[Items from a data source]

------------------------------------------------------------

(* Given $\lambda > 0$, let $L > 0$ be sufficiently large. Let $\eta$ be a Poisson point process in the plane of intensity $1$, and let $R$ be a $\lambda L \times L$ rectangle with sides parallel to the axes such that $$\min\{ x : (x,y) \in R \} \geqslant (\log L)^{2/3}.$$ Then the Voronoi tilings of $R$ induced by $\eta$ and by $\mathbb{H} \cap \eta$ are non-identical with probability at most $1/L^3$.
   Context: $\mathbb{H} = \{(x,y) \in \mathbb{R}^2 : x \geqslant 0\}$. The Voronoi tiling induced by a point set $P$ assigns to each $u \in P$ the cell of points at least as close to $u$ as to any other point of $P$ (for $\mathbb{H}\cap\eta$, cells are taken within $\mathbb{H}$); the tiling of $R$ is its restriction to $R$. *)

From HB Require Import structures.
From mathcomp Require Import all_boot all_order all_algebra.
From mathcomp Require Import all_classical all_reals all_analysis.
Set Implicit Arguments. Unset Strict Implicit. Unset Printing Implicit Defensive.
Import Order.TTheory GRing.Theory Num.Theory.
Local Open Scope classical_set_scope.
Local Open Scope ring_scope.

Definition area {R : realType} : set (R * R) -> \bar R :=
  (@lebesgue_measure R \x @lebesgue_measure R)%E.

Definition bounded2 {R : realType} (A : set (R * R)) : Prop :=
  exists M : R, forall p, A p -> `|p.1| <= M /\ `|p.2| <= M.

Definition has_card {T : eqType} (S : set T) (k : nat) : Prop :=
  exists s : seq T, [/\ uniq s, size s = k & forall p, S p <-> p \in s].

Definition poisson_p {R : realType} (a : R) (k : nat) : R :=
  expR (- a) * a ^+ k / (k`!)%:R.

(* eta : Omega -> set of points is a Poisson point process of intensity 1 on
   the plane, w.r.t. the probability P: for every finite family of pairwise
   disjoint bounded Borel sets A_i and counts k_i, the event
   "#(eta ∩ A_i) = k_i for all i" is measurable and has probability
   prod_i e^{-|A_i|} |A_i|^{k_i} / k_i!  (i.e. Poisson counts with mean the
   area, independent on disjoint sets). *)
Definition poisson_pp {R : realType} {d : measure_display} {T : measurableType d}
  (P : probability T R) (eta : T -> set (R * R)) : Prop :=
  forall (n : nat) (A : 'I_n -> set (R * R)) (k : 'I_n -> nat),
    (forall i, measurable (A i)) -> (forall i, bounded2 (A i)) ->
    (forall i j, i != j -> A i `&` A j = set0) ->
    let E := [set w | forall i, has_card (eta w `&` A i) (k i)] in
    measurable E /\
    P E = (\prod_(i < n) poisson_p (fine (area (A i))) (k i))%:E.

Definition sqdist {R : realType} (p q : R * R) : R :=
  (p.1 - q.1) ^+ 2 + (p.2 - q.2) ^+ 2.

Definition vcell {R : realType} (D Q : set (R * R)) (u : R * R) : set (R * R) :=
  [set z | D z /\ forall v, Q v -> sqdist z u <= sqdist z v].

Definition vtiling {R : realType} (D Q Rg : set (R * R)) : set (set (R * R)) :=
  [set C | exists u, Q u /\ C = vcell D Q u `&` Rg /\ C !=set0].

Definition halfplane {R : realType} : set (R * R) := [set p | 0 <= p.1].

Definition rect {R : realType} (a b w h : R) : set (R * R) :=
  [set p | a <= p.1 <= a + w /\ b <= p.2 <= b + h].

From HB Require Import structures.
From mathcomp Require Import all_boot all_order all_algebra.
From mathcomp Require Import all_classical all_reals all_analysis.
From mathcomp Require Import lra ring.

(* Cut the rectangle into a grid of squares of side s = a/2.  If every square
   contains a point of eta, then each z of the rectangle has a point of eta in
   the half-plane within distance sqrt 2 s < a <= z.1, whereas every point of
   eta with negative abscissa is farther than z.1 from z.  Hence no cell of
   such a point meets the rectangle, and the cells of the remaining points,
   restricted to the rectangle, are the same in the plane and in the
   half-plane.  A square is empty with probability e^(-s^2) <= L^-6, because
   a >= (ln L)^(2/3) forces s^2 >= 6 ln L as soon as ln L >= 24^3, and there
   are at most L^3 squares. *)

Set Implicit Arguments.
Unset Strict Implicit.
Unset Printing Implicit Defensive.
Import Order.TTheory GRing.Theory Num.Theory.
Local Open Scope classical_set_scope.
Local Open Scope ring_scope.

Lemma sqr_fst_lt_sqdist {R : realType} (z v : R * R) :
  0 < z.1 -> v.1 < 0 -> z.1 ^+ 2 < sqdist z v.
Proof.
move=> z_gt0 v_lt0; rewrite /sqdist.
have : z.1 ^+ 2 < (z.1 - v.1) ^+ 2 by rewrite ltr_pXn2r // ?nnegrE; lra.
have := sqr_ge0 (z.2 - v.2); lra.
Qed.

Section HalfplaneTiling.
Variables (R : realType) (Q Rg : set (R * R)).

Hypothesis near_right : forall z, Rg z ->
  0 < z.1 /\ exists2 u, (halfplane `&` Q) u & sqdist z u < z.1 ^+ 2.

Lemma vcell_left_disjoint u : u.1 < 0 -> vcell setT Q u `&` Rg = set0.
Proof.
move=> u_lt0; apply/seteqP; split => // z [[_ u_nearest] /near_right].
move=> [z_gt0 [v [v0 Qv] zv]].
by have := u_nearest v Qv; have := sqr_fst_lt_sqdist z_gt0 u_lt0; lra.
Qed.

Lemma vcell_halfplaneI u : halfplane u ->
  vcell setT Q u `&` Rg = vcell halfplane (halfplane `&` Q) u `&` Rg.
Proof.
move=> u0; apply/seteqP; split => z [[_ u_nearest] Rz]; split => //.
- split=> [|v [_ Qv]]; last exact: u_nearest.
  by have := (near_right Rz).1; rewrite /halfplane /=; lra.
- split=> // v Qv; have [v0|v_lt0] := leP 0 v.1; first exact: u_nearest.
  have [z_gt0 [w Hw zw]] := near_right Rz.
  by have := u_nearest w Hw; have := sqr_fst_lt_sqdist z_gt0 v_lt0; lra.
Qed.

Lemma vtiling_halfplane_eq :
  vtiling setT Q Rg = vtiling halfplane (halfplane `&` Q) Rg.
Proof.
apply/seteqP; split => C [u [Qu [-> C0]]].
- have [u0|u_lt0] := leP 0 u.1; last by rewrite vcell_left_disjoint // in C0; case: C0.
  by exists u; rewrite -vcell_halfplaneI.
- by exists u; case: Qu => u0 Qu; rewrite vcell_halfplaneI.
Qed.

End HalfplaneTiling.

Definition square {R : realType} (x y s : R) : set (R * R) :=
  `[x, x + s] `*` `[y, y + s].

Lemma measurable_square {R : realType} (x y s : R) : measurable (square x y s).
Proof. exact: measurableX. Qed.

Lemma lebesgue_measure_itv_len {R : realType} (x s : R) : 0 < s ->
  lebesgue_measure (`[x, x + s] : set R) = s%:E.
Proof.
move=> s_gt0; rewrite lebesgue_measure_itv /= lte_fin ltrDl s_gt0 -EFinD.
by congr (_%:E); lra.
Qed.

Lemma area_square {R : realType} (x y s : R) : 0 < s ->
  area (square x y s) = (s * s)%:E.
Proof.
move=> s_gt0; rewrite /area product_measure1E // EFinM.
by congr (_ * _)%E; exact: lebesgue_measure_itv_len.
Qed.

Lemma bounded2_square {R : realType} (x y s : R) : bounded2 (square x y s).
Proof.
exists (`|x| + `|y| + `|s|) => p [/=]; rewrite !in_itv /= => /andP[? ?] /andP[? ?].
have normP (r : R) : - `|r| <= r <= `|r| by rewrite -ler_norml.
move: (normP x) (normP y) (normP s) => /andP[? ?] /andP[? ?] /andP[? ?].
by split; rewrite ler_norml; apply/andP; split; lra.
Qed.

Lemma sqdist_square {R : realType} (x y s : R) (z u : R * R) :
  square x y s z -> square x y s u -> sqdist z u <= 2 * s ^+ 2.
Proof.
move=> [/=]; rewrite !in_itv /= => /andP[? ?] /andP[? ?].
move=> [/=]; rewrite !in_itv /= => /andP[? ?] /andP[? ?].
rewrite /sqdist; nra.
Qed.

Lemma has_card0 {T : eqType} (S : set T) : has_card S 0 <-> S = set0.
Proof.
split=> [[s [_ /size0nil -> memS]]|->]; last by exists [::].
by apply/seteqP; split => p // /memS.
Qed.

Lemma poisson_pp_void {R : realType} {d : measure_display} {T : measurableType d}
    (P : probability T R) (eta : T -> set (R * R)) (A : set (R * R)) :
  poisson_pp P eta -> measurable A -> bounded2 A ->
  measurable [set w | eta w `&` A = set0] /\
  P [set w | eta w `&` A = set0] = (expR (- fine (area A)))%:E.
Proof.
move=> etaP mA bA.
have [|] := etaP 1%N (fun=> A) (fun=> 0%N) (fun=> mA) (fun=> bA).
  by move=> i j; rewrite !ord1 eqxx.
have -> : [set w | forall i : 'I_1, has_card (eta w `&` A) 0] =
          [set w | eta w `&` A = set0].
  by apply/seteqP; split => w /= => [/(_ ord0)/has_card0 | /has_card0].
by move=> mE ->; rewrite big_ord1 /poisson_p expr0 mulr1 divr1.
Qed.

Lemma poisson_pp_void_square {R : realType} {d : measure_display}
    {T : measurableType d} (P : probability T R) (eta : T -> set (R * R)) (x y s : R) :
  poisson_pp P eta -> 0 < s ->
  measurable [set w | eta w `&` square x y s = set0] /\
  P [set w | eta w `&` square x y s = set0] = (expR (- (s * s)))%:E.
Proof.
move=> etaP s_gt0.
have [mE ->] := poisson_pp_void etaP (measurable_square x y s) (bounded2_square x y s).
by rewrite area_square.
Qed.

Lemma content_bigsetU_le {d : measure_display} {R : realFieldType}
    {T : semiRingOfSetsType d} (mu : {content set T -> \bar R})
    (F : nat -> set T) (N : nat) (p : R) :
  (forall k, measurable (F k)) -> measurable (\big[setU/set0]_(k < N) F k) ->
  (forall k, mu (F k) <= p%:E)%E ->
  (mu (\big[setU/set0]_(k < N) F k) <= (N%:R * p)%:E)%E.
Proof.
move=> mF mU muF.
apply: (le_trans (@content_subadditive _ _ _ mu _ F N (fun k _ => mF k) mU (fun _ => id))).
apply: le_trans; first by apply: lee_sum => k _; exact: muF.
by rewrite sumEFin sumr_const card_ord mulr_natl.
Qed.

Lemma truncn_strip {R : realType} (s w c x : R) : 0 < s -> 0 <= w ->
  c <= x <= c + w -> exists2 i : nat,
  (i < (Num.truncn (w / s)).+1)%N & c + i%:R * s <= x <= c + i%:R * s + s.
Proof.
move=> s_gt0 w0 /andP[cx xw].
have q0 : 0 <= (x - c) / s by apply: divr_ge0; lra.
have xE : x = c + (x - c) / s * s by field; rewrite gt_eqF.
have /andP[le_q lt_q] := truncn_itv q0.
exists (Num.truncn ((x - c) / s)).
- rewrite ltnS truncn_ge_nat ?divr_ge0 ?(ltW s_gt0) //.
  by apply: (le_trans le_q); rewrite ler_pM2r ?invr_gt0 //; lra.
- have := ler_wpM2r (ltW s_gt0) le_q.
  have := ler_wpM2r (ltW s_gt0) (ltW lt_q).
  by rewrite -natr1 [(_ + 1) * s]mulrDl mul1r => ? ?; apply/andP; split; lra.
Qed.

Definition grid_square {R : realType} (a b s : R) (n k : nat) : set (R * R) :=
  square (a + (k %/ n)%:R * s) (b + (k %% n)%:R * s) s.

Lemma grid_square_fst_ge {R : realType} (a b s : R) (n k : nat) (z : R * R) :
  0 <= s -> grid_square a b s n k z -> a <= z.1.
Proof.
move=> s0 [/=]; rewrite in_itv /= => /andP[+ _] _.
by have := mulr_ge0 (ler0n R (k %/ n)) s0; lra.
Qed.

Lemma rect_grid_cover {R : realType} (a b s w h : R) (z : R * R) :
  0 < s -> 0 <= w -> 0 <= h -> rect a b w h z ->
  let n := (Num.truncn (h / s)).+1 in
  exists2 k, (k < (Num.truncn (w / s)).+1 * n)%N & grid_square a b s n k z.
Proof.
move=> s_gt0 w0 h0 [zw zh] n.
have [i lt_im zi] := truncn_strip s_gt0 w0 zw.
have [j lt_jn zj] := truncn_strip s_gt0 h0 zh.
exists (i * n + j)%N.
- by rewrite -ltn_subRL -mulnBl (leq_trans lt_jn) // leq_pmull // subn_gt0.
- by rewrite /grid_square divnMDl // divn_small // addn0 modnMDl modn_small //;
    split; rewrite /= in_itv.
Qed.

Lemma vtiling_halfplane_eq_of_grid {R : realType} (Q : set (R * R)) (a b s w h : R) :
  0 < a -> 0 < s -> 2 * s ^+ 2 < a ^+ 2 -> 0 <= w -> 0 <= h ->
  let n := (Num.truncn (h / s)).+1 in
  (forall k, (k < (Num.truncn (w / s)).+1 * n)%N -> Q `&` grid_square a b s n k !=set0) ->
  vtiling setT Q (rect a b w h) = vtiling halfplane (halfplane `&` Q) (rect a b w h).
Proof.
move=> a_gt0 s_gt0 s_small w0 h0 n occupied.
apply: vtiling_halfplane_eq => z /(rect_grid_cover s_gt0 w0 h0) [k lt_k zk].
have [u [Qu uk]] := occupied k lt_k.
have az := grid_square_fst_ge (ltW s_gt0) zk.
have au := grid_square_fst_ge (ltW s_gt0) uk.
have zu := sqdist_square zk uk.
have : a ^+ 2 <= z.1 ^+ 2 by rewrite ler_pXn2r // ?nnegrE; lra.
split; first lra.
by exists u; [split=> //; rewrite /halfplane /=; lra | lra].
Qed.

Lemma powR_cube_root {R : realType} (c : R) : 0 <= c -> (c ^+ 3) `^ (1 / 3) = c.
Proof.
by move=> c0; rewrite -powR_mulrn // -powRrM mul1r divff ?powRr1.
Qed.

Lemma sqr_powR_two_thirds_ge {R : realType} (c t : R) : 0 <= c -> c ^+ 3 <= t ->
  c * t <= (t `^ (2 / 3)) ^+ 2.
Proof.
move=> c0 ct; have t0 : 0 <= t by apply: le_trans ct; exact: exprn_ge0.
have -> : (t `^ (2 / 3)) ^+ 2 = t * t `^ (1 / 3).
  rewrite -powR_mulrn ?powR_ge0 // -powRrM -mulr_powRB1 //; congr (_ * _ `^ _).
  by field.
rewrite mulrC; apply: (ler_wpM2l t0); rewrite -{1}(powR_cube_root c0).
by apply: ge0_ler_powR ct; rewrite ?nnegrE ?exprn_ge0.
Qed.

Lemma ln_mul_le_sqr {R : realType} (c L a : R) : 0 <= c -> c ^+ 3 <= ln L ->
  (ln L) `^ (2 / 3) <= a -> c * ln L <= a ^+ 2.
Proof.
move=> c0 cln La; apply: le_trans (sqr_powR_two_thirds_ge c0 cln) _.
by rewrite ler_pXn2r // ?nnegrE ?powR_ge0 //; apply: le_trans La; exact: powR_ge0.
Qed.

Lemma truncn_div_succ_le {R : realType} (x s : R) : 0 <= x -> 1 <= s ->
  (Num.truncn (x / s)).+1%:R <= x + 1.
Proof.
move=> x0 s1; rewrite -natr1 lerD2r.
have q_le : (Num.truncn (x / s))%:R <= x / s by rewrite truncn_le divr_ge0 //; lra.
apply: (le_trans q_le).
by rewrite ler_pdivrMr; [have := ler_wpM2l x0 s1; rewrite mulr1 | lra].
Qed.

Lemma grid_count_le {R : realType} (lam L s : R) : 0 < lam -> 2 * (lam + 1) <= L ->
  1 <= s -> ((Num.truncn (lam * L / s)).+1 * (Num.truncn (L / s)).+1)%:R <= L ^+ 3.
Proof.
move=> lam0 L_large s1; have L0 : 0 <= L by lra.
rewrite natrM; apply: le_trans (ler_pM _ _ (truncn_div_succ_le _ s1)
  (truncn_div_succ_le L0 s1)) _ => //; rewrite ?mulr_ge0 //; try lra.
rewrite !exprS expr0 mulr1; nra.
Qed.

Lemma expRN_le_exprVn {R : realType} (L x : R) (n : nat) : 0 < L ->
  n%:R * ln L <= x -> expR (- x) <= L ^- n.
Proof.
by move=> L0 nx; rewrite -(lnK L0) -expRM_natl -expRN ler_expR lerN2.
Qed.

Lemma half_scale_bounds {R : realType} (L a : R) : expR (24 ^+ 3) <= L ->
  (ln L) `^ (2 / 3) <= a ->
  [/\ 1 <= a / 2, 2 * (a / 2) ^+ 2 < a ^+ 2 & 6%:R * ln L <= a / 2 * (a / 2)].
Proof.
move=> L_exp La.
have lnL : 24 ^+ 3 <= ln L.
  by rewrite -(expRK (24 ^+ 3)) ler_ln ?posrE ?expR_gt0 // (lt_le_trans (expR_gt0 _) L_exp).
have a_sqr := ln_mul_le_sqr (ler0n R 24) lnL La.
have a0 : 0 <= a by apply: le_trans La; exact: powR_ge0.
have a2 : 2 <= a.
  have : 2 ^+ 2 <= a ^+ 2 by apply: le_trans a_sqr; rewrite expr2; lra.
  by rewrite ler_pXn2r ?nnegrE.
have a_sqr_gt0 : 0 < a ^+ 2 by rewrite exprn_gt0 //; lra.
rewrite (_ : 2 * (a / 2) ^+ 2 = a ^+ 2 / 2); last by field.
rewrite (_ : a / 2 * (a / 2) = a ^+ 2 / 4); last by field.
by split; lra.
Qed.

Lemma grid_void_bound {R : realType} (lam L s : R) : 0 < lam -> 2 * (lam + 1) <= L ->
  1 <= s -> 6%:R * ln L <= s * s ->
  ((Num.truncn (lam * L / s)).+1 * (Num.truncn (L / s)).+1)%:R * expR (- (s * s))
    <= L ^- 3.
Proof.
move=> lam0 L_lam s1 s_sqr; have L0 : 0 < L by lra.
apply: le_trans (ler_pM _ _ (grid_count_le lam0 L_lam s1) (expRN_le_exprVn L0 s_sqr)) _;
  rewrite ?expR_ge0 //.
by rewrite (_ : 6 = 3 + 3)%N // exprD invfM mulrA divff ?mul1r // expf_neq0 ?gt_eqF.
Qed.

Theorem lemma3p8 (R : realType) (lam : R) : 0 < lam ->
  exists L0 : R, forall L : R, L0 <= L ->
  forall (d : measure_display) (T : measurableType d) (P : probability T R)
         (eta : T -> set (R * R)),
  poisson_pp P eta ->
  forall a b : R, (ln L) `^ (2 / 3) <= a ->
  exists E : set T, [/\ measurable E,
    [set w | vtiling setT (eta w) (rect a b (lam * L) L)
             <> vtiling halfplane (halfplane `&` eta w) (rect a b (lam * L) L)]
      `<=` E
    & (P E <= (L ^- 3)%:E)%E].
Proof.
move=> lam0; exists (Num.max (expR (24 ^+ 3)) (2 * (lam + 1))) => L.
rewrite ge_max => /andP[L_exp L_lam] d T P eta etaP a b La.
have [s1 s_small s_sqr] := half_scale_bounds L_exp La.
have a_gt0 : 0 < a by lra.
set s := a / 2 in s1 s_small s_sqr *.
set n := (Num.truncn (L / s)).+1; set N := ((Num.truncn (lam * L / s)).+1 * n)%N.
pose F k := [set w | eta w `&` grid_square a b s n k = set0].
have void k : measurable (F k) /\ P (F k) = (expR (- (s * s)))%:E.
  by apply: poisson_pp_void_square etaP _; lra.
have mE : measurable (\big[setU/set0]_(k < N) F k).
  by apply: bigsetU_measurable => k _; exact: (void k).1.
exists (\big[setU/set0]_(k < N) F k); split => // [w /= tilings_neq|].
- apply: contrapT => w_notin; apply: tilings_neq.
  apply: (@vtiling_halfplane_eq_of_grid _ _ _ _ s) => [||||| k ltkN]; rewrite ?mulr_ge0; try lra.
  apply/set0P/eqP => void_k; apply: w_notin.
  by rewrite -bigcup_mkord; exists k.
- have PF_le k : (P (F k) <= (expR (- (s * s)))%:E)%E by rewrite (void k).2.
  apply: le_trans (content_bigsetU_le (fun k => (void k).1) mE PF_le) _.
  by rewrite lee_fin grid_void_bound.
Qed.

------------------------------------------------------------

* **REQUIREMENT**:
Please make an exact copy of the lines above from the line with "[set p | a <= p.1" through the line with "eta with negative", both ends included.

* **RESULT**:
  [set p | a <= p.1 <= a + w /\ b <= p.2 <= b + h].

From HB Require Import structures.
From mathcomp Require Import all_boot all_order all_algebra.
From mathcomp Require Import all_classical all_reals all_analysis.
From mathcomp Require Import lra ring.

(* Cut the rectangle into a grid of squares of side s = a/2.  If every square
   contains a point of eta, then each z of the rectangle has a point of eta in
   the half-plane within distance sqrt 2 s < a <= z.1, whereas every point of
   eta with negative abscissa is farther than z.1 from z.  Hence no cell of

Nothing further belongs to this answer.